Chava told me from the earliest days of our friendship that she dreamed of her neighborhood being a Jewish community. When she first told me this, I cringed, imagining her working class neighbors steadily replaced by eager young white Jews like myself, replicating the cycles of injustice I yearned to ameliorate. But Chava’s vision was not to be so oversimplified, and through her and her neighborhood, which she auspiciously named Eden Gardens, I’ve begun to understand that a different kind of Jewish community is possible. As Chava and I realized our shared passion for community, Judaism, and food, we sought a grant from the Jewish Women’s foundation of Metro Detroit through the Isaac Agree Downtown Synagogue to start a faith-based farm in Eden Gardens with the express purpose of growing relationships between two communities, her neighborhood (predominantly African-American), and our shul. Chava and I saw this work as one small effort to repair relationships long-ago abandoned in our region.
Faith is a part of our work not only because of our own Jewish identities, but because we see faith and spirituality playing a big role in convening difficult dialogues, in creating safe spaces, and in growing our souls as we grow our food. As Chava and I broke ground in the garden this fall, with a steady group of neighborhood residents and synagogue goers at our side, we were overjoyed to observe and participate in the growing of relationships from the ground up. And, as we begin the process of gathering together this winter to discuss spring plans, we feel certain that we’ll simultaneously be feasting on great food, and the deep bonds that become possible when we share.

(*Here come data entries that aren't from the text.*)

(* Let $n\in\mathbb{N}$, $i\in\{1,\ldots,n\}$ and $x\in\mathcal{X}^n$. Then \[ x_i \ge \frac{1}{(n-i+1)(s_i-1)}, \] with equality if and only if $x = \bar x(i)$.
   Context: The Sylvester sequence: $s_1 = 2$, $s_i = \prod_{j=1}^{i-1} s_j + 1$ for $i\ge2$. $\mathcal{X}^n$ is the set of $x\in\mathbb{R}^n$ with $x_1+\cdots+x_n = 1$, $1 \ge x_1 \ge \cdots \ge x_n \ge 0$, and $x_1\cdots x_j \le x_{j+1}+\cdots+x_n$ for all $j\in\{1,\ldots,n-1\}$. For $l\in\{1,\ldots,n\}$, $\bar x(l) := \big(\frac{1}{s_1},\ldots,\frac{1}{s_{l-1}}, \frac{1}{(n-l+1)(s_l-1)},\ldots,\frac{1}{(n-l+1)(s_l-1)}\big)\in\mathbb{R}^n$ (last value repeated $n-l+1$ times). *)

From HB Require Import structures.
From mathcomp Require Import all_boot all_order all_algebra.
Set Implicit Arguments. Unset Strict Implicit. Unset Printing Implicit Defensive.
Import Order.TTheory GRing.Theory Num.Theory.

(* Sylvester sequence, 1-based, literally as in the paper:
   s_1 = 2, s_i = (\prod_{j=1}^{i-1} s_j) + 1 for i >= 2.
   sylv_list k = [:: s_1; ...; s_k] is built by iterating the defining rule;
   sylv i := s_i (and sylv 0 is an unused junk value). *)
Fixpoint sylv_list (k : nat) : seq nat :=
  match k with
  | 0 => [::]
  | k'.+1 => let l := sylv_list k' in
             rcons l (if k' is 0 then 2 else (\prod_(s <- l) s).+1)
  end.

Definition sylv (i : nat) : nat := nth 0 (sylv_list i) i.-1.

Example sylv_check : [:: sylv 1; sylv 2; sylv 3; sylv 4] = [:: 2; 3; 7; 43].
Proof. by rewrite /sylv /= !big_cons big_nil. Qed.

Local Open Scope ring_scope.

(* Vectors x in R^n are functions 'I_n -> R; the paper's coordinate x_k
   (1 <= k <= n) is x (k-1) here. *)

Definition inX (R : realFieldType) (n : nat) (x : 'I_n -> R) : Prop :=
  [/\ \sum_(k < n) x k = 1,
      (forall k : 'I_n, x k <= 1),
      (forall k : 'I_n, 0 <= x k),
      (forall k l : 'I_n, (k <= l)%N -> x l <= x k) &
      (forall j : nat, (1 <= j <= n.-1)%N ->
         \prod_(k < n | (k < j)%N) x k <= \sum_(k < n | (j <= k)%N) x k)].

(* xbar(l) for 1 <= l <= n, coordinate k (0-based, paper index k+1). *)
Definition xbar (R : realFieldType) (n l : nat) (k : 'I_n) : R :=
  if (k.+1 < l)%N then ((sylv k.+1)%:R)^-1
  else (((n - l + 1)%N%:R) * (((sylv l)%:R) - 1))^-1.

From HB Require Import structures.
From mathcomp Require Import all_boot all_order all_algebra.
From mathcomp Require Import ring lra zify.
From Stdlib Require Import FunctionalExtensionality.
Import Order.TTheory GRing.Theory Num.Theory.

Chava and I are traveling out east to this year’s Hazon food conference, where (thanks to a local funder) a group of metro-Detroiters are going to spend 4 days listening, learning, and conversing about food, Judaism, and place. For Chava and I, our place is Eden Gardens. I couldn’t feel more blessed, or more radically rooted, alive, and Jewish, than I do because I have the opportunity to be a part of a community that challenges and informs my notions of what is possible.